第77章 私は誰が好き?〜時透無一郎 冨岡義勇 不死川実弥 【R強】
宴の席へ戻る直前、ゆきは立ち止まり、震える手で必死に涙を拭おうとした。
これ以上、美月に惨めな姿をさらしたくないという意地。しかし、赤く腫れた目元は隠しようがなかった…。
そんなゆきの様子を見て、不死川は舌打ちを一つ落とした。
「下手くそォ。余計に赤くなってんだろうが」
そうぶっきらぼうに言うと、不死川は迷いなく自分の隊服の袖を伸ばした。
ざらりとした丈夫な生地が、不器用に、優しく涙の跡をなぞった。
「俺の後ろに隠れてろ。誰にも何も言わせねェ」
普段の荒々しさからは想像もつかない献身的な仕草と、守り抜こうとする力強い視線…その一瞬の優しさに、ゆきの胸は不意にきゅんと高鳴った。
えっ?何この感じ…こんな時に…私…
「ゆき中入んぞ!」不死川さんが、私を背中に隠しながら戸を開いた。
宴の席へ戻った瞬間、空気は一変した。食糧庫に閉じ込めたはずのゆきが不死川の後ろから現れたのを見て、美月は息を呑んだ。
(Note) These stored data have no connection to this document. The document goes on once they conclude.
(* Let $G_{12}$ be the graph with vertex set $\{1,\dots,12\}$ in which two distinct vertices are adjacent if and only if they both belong to one of the sets $\{1,4,7\}$, $\{2,4,5,6\}$, $\{2,4,6,7\}$, $\{2,4,6,9\}$, $\{2,4,9,12\}$, $\{2,5,8\}$, $\{2,6,7,11\}$, $\{2,11,12\}$, $\{3,6,9\}$, $\{4,5,6,10\}$, $\{4,10,12\}$, $\{6,10,11\}$, $\{10,11,12\}$. Then $G_{12}$ is weakly CIS.
   Context: A family $\mathcal C$ of maximal cliques is edge covering if every two adjacent vertices lie in a common member; a family $\mathcal S$ of maximal stable sets is non-edge covering if every two distinct non-adjacent vertices lie in a common member. A graph is weakly CIS if there are an edge covering family $\mathcal C$ of maximal cliques and a non-edge covering family $\mathcal S$ of maximal stable sets with $C\cap S\neq\emptyset$ for all $C\in\mathcal C$, $S\in\mathcal S$. *)

From mathcomp Require Import all_boot.
Set Implicit Arguments. Unset Strict Implicit. Unset Printing Implicit Defensive.

(* A simple graph on a finite vertex type T is given by an adjacency relation e
   (assumed symmetric and irreflexive; the graph G12 below is so by construction). *)
Section Graphs.
Variables (T : finType) (e : rel T).

Definition is_clique (A : {set T}) : bool :=
  [forall x in A, forall y in A, (x != y) ==> e x y].

Definition is_stable (A : {set T}) : bool :=
  [forall x in A, forall y in A, (x != y) ==> ~~ e x y].

Definition maximal_clique (A : {set T}) : bool := maxset is_clique A.
Definition maximal_stable (A : {set T}) : bool := maxset is_stable A.

Definition edge_covering (C : {set {set T}}) : Prop :=
  (forall K, K \in C -> maximal_clique K) /\
  (forall x y, e x y -> exists2 K, K \in C & (x \in K) && (y \in K)).

Definition non_edge_covering (S : {set {set T}}) : Prop :=
  (forall I, I \in S -> maximal_stable I) /\
  (forall x y, x != y -> ~~ e x y -> exists2 I, I \in S & (x \in I) && (y \in I)).

Definition weakly_CIS : Prop :=
  exists (C S : {set {set T}}),
    [/\ edge_covering C, non_edge_covering S &
        forall K I, K \in C -> I \in S -> K :&: I != set0].
End Graphs.

(* Vertex i : 'I_12 represents the paper's vertex i+1. *)
Definition G12_sets : seq (seq nat) :=
  [:: [:: 1; 4; 7]; [:: 2; 4; 5; 6]; [:: 2; 4; 6; 7]; [:: 2; 4; 6; 9];
      [:: 2; 4; 9; 12]; [:: 2; 5; 8]; [:: 2; 6; 7; 11]; [:: 2; 11; 12];
      [:: 3; 6; 9]; [:: 4; 5; 6; 10]; [:: 4; 10; 12]; [:: 6; 10; 11];
      [:: 10; 11; 12]].

Definition G12 : rel 'I_12 := fun x y =>
  (x != y) && has (fun s => (x.+1 \in s) && (y.+1 \in s)) G12_sets.

(* A clique or stable set of a finite graph is maximal as
   soon as no single vertex extends it, so all conditions reduce to boolean
   checks over an explicit enumeration of the vertices, decided by evaluation. *)
From mathcomp Require Import all_boot.
Set Implicit Arguments. Unset Strict Implicit. Unset Printing Implicit Defensive.

Lemma maxset_hereditary (T : finType) (P : pred {set T}) (A : {set T}) :
    (forall B C : {set T}, B \subset C -> P C -> P B) ->
    P A -> (forall x, x \notin A -> ~~ P (x |: A)) -> maxset P A.
Proof.
move=> hered PA nonext; apply/maxsetP; split=> // B PB sAB.
apply/eqP; rewrite eq_sym eqEsubset sAB /=; apply/subsetP => x xB.
apply/negPn/negP => xA; have /negP[] := nonext x xA.
by apply: hered PB; rewrite subUset sub1set xB.
Qed.

Lemma is_clique_subset (T : finType) (e : rel T) (A B : {set T}) :
  A \subset B -> is_clique e B -> is_clique e A.
Proof.
move=> /subsetP sAB /forall_inP cliqueB; apply/forall_inP => x xA.
apply/forall_inP => y yA; have /forall_inP cliqueBx := cliqueB x (sAB x xA).
exact: cliqueBx y (sAB y yA).
Qed.

Lemma maximal_stableE (T : finType) (e : rel T) (A : {set T}) :
  maximal_stable e A = maximal_clique (fun x y => ~~ e x y) A.
Proof. by []. Qed.

(* Unlike [enum 'I_n.+1] and [inord], whose definitions go through opaque
   proofs, this enumeration reduces under [vm_compute]. *)
Definition ord_seq (n : nat) : seq 'I_n.+1 :=
  [seq Ordinal (ltn_pmod i (ltn0Sn n)) | i <- iota 0 n.+1].

Lemma mem_ord_seq (n : nat) (x : 'I_n.+1) : x \in ord_seq n.
Proof.
apply/mapP; exists (val x); first by rewrite mem_iota add0n ltn_ord.
by apply: val_inj; rewrite /= modn_small.
Qed.

Section FiniteChecks.
Variables (T : finType) (e : rel T) (vs : seq T).
Hypothesis vs_full : forall x, x \in vs.

Definition cliqueb (p : pred T) : bool :=
  all (fun x => all (fun y => p x ==> p y ==> (x != y) ==> e x y) vs) vs.

Definition maximal_cliqueb (p : pred T) : bool :=
  cliqueb p && all (fun z => p z || ~~ cliqueb (predU1 z p)) vs.

Lemma is_clique_setE (p : pred T) : is_clique e [set x | p x] = cliqueb p.
Proof.
apply/forall_inP/allP => [cliq x _ | cliq x].
  apply/allP => y _; apply/implyP => px; apply/implyP => py.
  have /forall_inP cliqx : [forall y in [set x | p x], (x != y) ==> e x y].
    by apply: cliq; rewrite inE.
  by apply: cliqx; rewrite inE.
rewrite inE => px; apply/forall_inP => y; rewrite inE => py.
by have /allP/(_ y (vs_full y)) := cliq x (vs_full x); rewrite px py.
Qed.

Lemma maximal_cliqueb_set (p : pred T) :
  maximal_cliqueb p -> maximal_clique e [set x | p x].
Proof.
case/andP => cliq /allP nonext; apply: maxset_hereditary.
- exact: is_clique_subset.
- by rewrite is_clique_setE.
move=> z; rewrite inE => pz.
have -> : z |: [set x | p x] = [set x | predU1 z p x] by apply/setP => x; rewrite !inE.
by rewrite is_clique_setE; have := nonext z (vs_full z); rewrite (negbTE pz).
Qed.

Definition family (I : eqType) (m : I -> pred T) (Is : seq I) : {set {set T}} :=
  [set K in [seq [set x | m i x] | i <- Is]].

Lemma familyP (I : eqType) (m : I -> pred T) (Is : seq I) (K : {set T}) :
  reflect (exists2 i, i \in Is & K = [set x | m i x]) (K \in family m Is).
Proof. by rewrite inE; apply: (iffP mapP). Qed.

Lemma family_maximal_cliques (I : eqType) (m : I -> pred T) (Is : seq I) :
  all (fun i => maximal_cliqueb (m i)) Is ->
  forall K, K \in family m Is -> maximal_clique e K.
Proof. by move=> /allP maxI K /familyP[i iI ->]; apply/maximal_cliqueb_set/maxI. Qed.

Lemma family_covers (I : eqType) (m : I -> pred T) (Is : seq I) (r : rel T) :
  all (fun x => all (fun y => r x y ==> has (fun i => m i x && m i y) Is) vs) vs ->
  forall x y, r x y -> exists2 K, K \in family m Is & (x \in K) && (y \in K).
Proof.
move=> /allP cover x y rxy.
have /allP/(_ y (vs_full y))/implyP/(_ rxy)/hasP[i iI /andP[mx my]] := cover x (vs_full x).
by exists [set x | m i x]; [apply/familyP; exists i | rewrite !inE mx my].
Qed.

Lemma family_meets (I J : eqType) (m : I -> pred T) (m' : J -> pred T)
    (Is : seq I) (Js : seq J) :
  all (fun i => all (fun j => has (fun x => m i x && m' j x) vs) Js) Is ->
  forall K L, K \in family m Is -> L \in family m' Js -> K :&: L != set0.
Proof.
move=> /allP meet K L /familyP[i iI ->] /familyP[j jJ ->].
have /allP/(_ j jJ)/hasP[x _ /andP[mx m'x]] := meet i iI.
by apply/set0Pn; exists x; rewrite !inE mx m'x.
Qed.

End FiniteChecks.

Definition labelled (s : seq nat) : pred 'I_12 := fun x => x.+1 \in s.

Definition G12_cliques : seq (seq nat) :=
  [:: [:: 1; 4; 7]; [:: 2; 5; 8]; [:: 3; 6; 9]; [:: 4; 5; 6; 10];
      [:: 2; 6; 7; 11]; [:: 2; 4; 9; 12]; [:: 10; 11; 12]].

Definition G12_stables : seq (seq nat) :=
  [:: [:: 1; 2; 3; 10]; [:: 7; 8; 9; 10]; [:: 3; 4; 8; 11];
      [:: 1; 5; 9; 11]; [:: 3; 5; 7; 12]; [:: 1; 6; 8; 12]].

Lemma G12_cliques_maximal :
  all (fun s => maximal_cliqueb G12 (ord_seq 11) (labelled s)) G12_cliques.
Proof. by vm_compute. Qed.

Lemma G12_stables_maximal :
  all (fun s => maximal_cliqueb (fun x y => ~~ G12 x y) (ord_seq 11) (labelled s))
    G12_stables.
Proof. by vm_compute. Qed.

Lemma G12_edges_covered :
  all (fun x => all (fun y => G12 x y ==>
    has (fun s => labelled s x && labelled s y) G12_cliques) (ord_seq 11)) (ord_seq 11).
Proof. by vm_compute. Qed.

Lemma G12_non_edges_covered :
  all (fun x => all (fun y => (x != y) && ~~ G12 x y ==>
    has (fun s => labelled s x && labelled s y) G12_stables) (ord_seq 11)) (ord_seq 11).
Proof. by vm_compute. Qed.

Lemma G12_cliques_meet_stables :
  all (fun s => all (fun t => has (fun x => labelled s x && labelled t x) (ord_seq 11))
    G12_stables) G12_cliques.
Proof. by vm_compute. Qed.

Theorem proposition34 : weakly_CIS G12.
Proof.
have vs_full := @mem_ord_seq 11.
exists (family labelled G12_cliques), (family labelled G12_stables).
split; [split | split | ].
- exact: (family_maximal_cliques (m := labelled) vs_full G12_cliques_maximal).
- exact: (family_covers (m := labelled) vs_full G12_edges_covered).
- move=> S; rewrite maximal_stableE.
  exact: (family_maximal_cliques (m := labelled) vs_full G12_stables_maximal).
- move=> x y neq_xy nadj_xy.
  by apply: (family_covers (m := labelled) vs_full G12_non_edges_covered); rewrite neq_xy.
- exact: (family_meets (m := labelled) (m' := labelled) G12_cliques_meet_stables).
Qed.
えっ?何で…もしかして…風柱様が…ゆきさんを出したの…?
不死川の荒々しい威圧感に圧倒され、美月は顔を上げることすらできなくなった。
「ゆき、ここに座れ」
不死川に促されるまま、ゆきは彼の隣に身を寄せた。本当は義勇の隣へ行った方がいいと思ったが、義勇の隣にはしのぶがぴたりと寄り添っており、入り込む隙など微塵もなかった。
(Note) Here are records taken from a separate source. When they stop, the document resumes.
(* Let $\mathfrak g$ be a barrelled locally convex Lie algebra and let $(\pi,V)$ be a continuous unitary representation of $\mathfrak g$. Then the map $\mathfrak g\times V\to V$, $(\xi,\psi)\mapsto\pi(\xi)\psi$, is sequentially continuous when $V$ carries the weak topology, and also when $V$ carries the strong topology.
   Context: Barrelled: every closed, convex, circled, absorbing subset is a $0$-neighbourhood. A unitary representation $(\pi,V)$ of $\mathfrak g$: $V$ complex pre-Hilbert space (completion $\mathcal H_V$), $\pi\colon\mathfrak g\to\mathrm{End}(V)$ a Lie algebra homomorphism with skew-symmetric values. $\pi_n(\xi_n,\dots,\xi_1)=\pi(\xi_n)\cdots\pi(\xi_1)$, $\pi_0(\lambda)=\lambda\mathbf 1$ on $\mathfrak g^0=\mathbb R$. Continuous: for all $n\ge0$, $\psi\in V$, $\boldsymbol\xi\mapsto\pi_n(\boldsymbol\xi)\psi$ is continuous $\mathfrak g^n\to\mathcal H_V$ for the norm. Weak topology on $V$: seminorms $p_{\boldsymbol\xi}(\psi)=\|\pi_n(\boldsymbol\xi)\psi\|$, $\boldsymbol\xi\in\mathfrak g^n$, $n\ge0$. Strong topology: seminorms $p_B(\psi)=\sup_{\boldsymbol\xi\in B}\|\pi_n(\boldsymbol\xi)\psi\|$, $B\subseteq\mathfrak g^n$ bounded, $n\ge0$. *)

From HB Require Import structures.
From mathcomp Require Import all_boot all_order all_algebra.
From mathcomp Require Import all_classical all_reals all_analysis.
From mathcomp Require Import complex.

Set Implicit Arguments.
Unset Strict Implicit.
Unset Printing Implicit Defensive.

Import Order.TTheory GRing.Theory Num.Theory.
Local Open Scope classical_set_scope.
Local Open Scope ring_scope.

Section Defs.
Variable R : realType.

Section Barrelled.
Variable E : tvsType R.

Definition circled (A : set E) : Prop :=
  forall (l : R) (a : E), `|l| <= 1 -> A a -> A (l *: a).

Definition absorbing (A : set E) : Prop :=
  forall x : E, exists2 r : R, 0 < r &
    forall l : R, r <= `|l| -> exists2 a, A a & x = l *: a.

Definition barrelled : Prop :=
  forall A : set E, closed A -> convex_set A -> circled A -> absorbing A ->
    nbhs (0 : E) A.
End Barrelled.

Definition lc_lie_bracket (g : tvsType R) (br : g -> g -> g) : Prop :=
  [/\ forall (a : R) (x y z : g), br (a *: x + y) z = a *: br x z + br y z,
      forall (a : R) (x y z : g), br x (a *: y + z) = a *: br x y + br x z,
      forall x : g, br x x = 0,
      forall x y z : g, br x (br y z) + br y (br z x) + br z (br x y) = 0
    & continuous (fun p : g * g => br p.1 p.2)].

Definition inner_product (V : lmodType R[i]) (ip : V -> V -> R[i]) : Prop :=
  [/\ forall (a : R[i]) (u v w : V), ip (a *: u + v) w = a * ip u w + ip v w,
      forall u v : V, ip u v = ((ip v u)^*)%C,
      forall u : V, 0 <= ip u u
    & forall u : V, ip u u = 0 -> u = 0].

Definition ipnorm (V : lmodType R[i]) (ip : V -> V -> R[i]) (u : V) : R :=
  Num.sqrt (complex.Re (ip u u)).

Section Rep.
Variables (g : tvsType R) (br : g -> g -> g).
Variables (V : lmodType R[i]) (ip : V -> V -> R[i]) (pi : g -> V -> V).

Definition unitary_rep : Prop :=
  [/\ forall (x : g) (a : R[i]) (u v : V), pi x (a *: u + v) = a *: pi x u + pi x v,
      forall (a : R) (x y : g) (u : V),
        pi (a *: x + y) u = (a%:C)%C *: pi x u + pi y u,
      forall (x y : g) (u : V), pi (br x y) u = pi x (pi y u) - pi y (pi x u)
    & forall (x : g) (u v : V), ip (pi x u) v = - ip u (pi x v)].

(* pi_n (xi_n, ..., xi_1) psi = pi(xi_n) ... pi(xi_1) psi, with
   xi : 'I_n -> g and xi_{k+1} = xi k; pi_0 = identity *)
Definition pin (n : nat) (xi : {ptws 'I_n -> g}) (psi : V) : V :=
  foldr (fun i acc => pi (xi i) acc) psi (rev (enum 'I_n)).

(* continuity of xi |-> pi_n(xi) psi from g^n (product topology) to the
   norm topology of V (i.e. of its completion H_V, restricted to V) *)
Definition continuous_rep : Prop :=
  forall (n : nat) (psi : V) (xi0 : {ptws 'I_n -> g}) (eps : R), 0 < eps ->
    \forall xi \near xi0, ipnorm ip (pin xi psi - pin xi0 psi) < eps.

Definition bounded_prod (n : nat) (B : set {ptws 'I_n -> g}) : Prop :=
  forall W : set {ptws 'I_n -> g}, nbhs ((fun _ => (0 : g)) : {ptws 'I_n -> g}) W ->
    exists2 s : R, 0 < s & forall t : R, s < t ->
      forall xi, B xi -> exists2 w, W w & forall i, xi i = t *: w i.

Definition p_weak (p : {n : nat & {ptws 'I_n -> g}}) (psi : V) : R :=
  ipnorm ip (pin (projT2 p) psi).

Definition p_strong (p : {n : nat & set {ptws 'I_n -> g}}) (psi : V) : \bar R :=
  ereal_sup [set (ipnorm ip (pin xi psi))%:E | xi in projT2 p].

Definition weak_nbhs (psi : V) : set_system V := fun U =>
  exists (k : nat) (F : 'I_k -> {n : nat & {ptws 'I_n -> g}}),
    exists2 eps : R, 0 < eps &
      [set phi | forall j, p_weak (F j) (phi - psi) < eps] `<=` U.

Definition strong_nbhs (psi : V) : set_system V := fun U =>
  exists (k : nat) (F : 'I_k -> {n : nat & set {ptws 'I_n -> g}}),
    (forall j, bounded_prod (projT2 (F j))) /\
    exists2 eps : R, 0 < eps &
      [set phi | forall j, (p_strong (F j) (phi - psi) < eps%:E)%E] `<=` U.

End Rep.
「目の腫れが、引いてきたら冨岡の隣に座ればいい…ただ…胡蝶が離れそうにねェな…」
ゆきが、やっと戻ってきたのを見て無一郎が、隣に行こうとするが、美月が邪魔するように無一郎を、引き止める。
美月は潤んだ瞳で無一郎の袖を掴むと、わざとらしく足元をふらつかせた。
「無一郎様…お酒を間違えて飲んでしまい、少し外の空気を吸いたくて」
無一郎は一瞬、隣の席へ戻ったばかりのゆきへと視線を向けたが、美月の必死な様子に根負けした。
「仕方ないな。」
無一郎は、彼女を支えるようにして中庭へと続く縁側へ歩き出した。美月は貴方の視線に気づくと、笑みを一瞬だけ浮かべ、無一郎を奥へと連れ去っていった。
不死川がイライラしながら酒を煽る。
「胸糞悪い女だ。気にするな」
そう吐き捨てながら、不死川はゆきの頭を撫でた。